#### WHAT THE EXERCISE ASKS:
How many lines in the data hold the string "coloring"? State the number alone.

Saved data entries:

——

(* Let $F \leq F' \leq \hat F$ and $H\leq H'\leq \hat H$ be permutation groups on $\Omega$ with $F\leq H$ and $F'\leq H'$. Suppose that $H\cap F'=F$ and $H'=HF'$. Then $G(F,F')$ is a closed cocompact subgroup of $G(H,H')$. If moreover $F$ acts freely on $\Omega$, then $G(F,F')$ is a cocompact lattice in $G(H,H')$.
   Context: Standing notation. $\Omega$ is a finite set with $d=|\Omega|\geq 3$, $\mathcal{T}_d$ is the $d$-regular tree with vertex set $V$ and set $E$ of non-oriented edges, and $\mathrm{Aut}(\mathcal{T}_d)$ carries the permutation topology. Fix a coloring $c:E\to\Omega$ such that for every vertex $v$ its restriction $c_v$ to the set $E(v)$ of edges containing $v$ is a bijection onto $\Omega$. For $g\in\mathrm{Aut}(\mathcal{T}_d)$ and $v\in V$, the local permutation is $\sigma(g,v)=c_{gv}\circ g_v\circ c_v^{-1}\in\mathrm{Sym}(\Omega)$, where $g_v:E(v)\to E(gv)$ is induced by $g$. For $F\leq\mathrm{Sym}(\Omega)$: $U(F)=\{g:\sigma(g,v)\in F \ \forall v\}$; $G(F)=\{g:\sigma(g,v)\in F \text{ for all but finitely many } v\}$; $\hat F$ is the subgroup of permutations preserving each $F$-orbit. For $F\leq F'\leq\hat F$, $G(F,F')=G(F)\cap U(F')$, endowed with the unique group topology for which the inclusion $U(F)\hookrightarrow G(F,F')$ is continuous and open ($U(F)$ with the topology induced from $\mathrm{Aut}(\mathcal{T}_d)$). *)

From HB Require Import structures.
From Stdlib Require List.
From mathcomp Require Import all_boot all_fingroup.
Set Implicit Arguments. Unset Strict Implicit. Unset Printing Implicit Defensive.

Section Tree.
Variable Omega : finType.

(* Concrete model of the d-regular tree T_d (d = #|Omega|) with its legal
   coloring: the Cayley graph of the free product of d copies of Z/2.
   Vertices are reduced words over Omega (no two consecutive equal letters);
   the neighbour of w along the edge of colour a is a::w, or w' if w = a::w'. *)
Definition reduced (w : seq Omega) : bool := sorted (fun a b => a != b) w.

Definition vertex := {w : seq Omega | reduced w}.

Definition nbw (w : seq Omega) (a : Omega) : seq Omega :=
  if w is b :: w' then (if b == a then w' else a :: w) else [:: a].

Lemma nbw_reduced (w : seq Omega) a : reduced w -> reduced (nbw w a).
Proof.
case: w => [|b w] //= H.
case: eqP => [_|/eqP Hba].
- by move: H; rewrite /reduced /=; case: w => //= c w /andP [].
- by rewrite /reduced /= eq_sym Hba.
Qed.

Definition nb (v : vertex) (a : Omega) : vertex :=
  exist _ (nbw (proj1_sig v) a) (nbw_reduced a (proj2_sig v)).

Definition adj (u v : vertex) : Prop := exists a, v = nb u a.

Definition is_aut (g : vertex -> vertex) : Prop :=
  bijective g /\ forall u v, adj u v <-> adj (g u) (g v).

——

#### WRITTEN RESPONSE:
2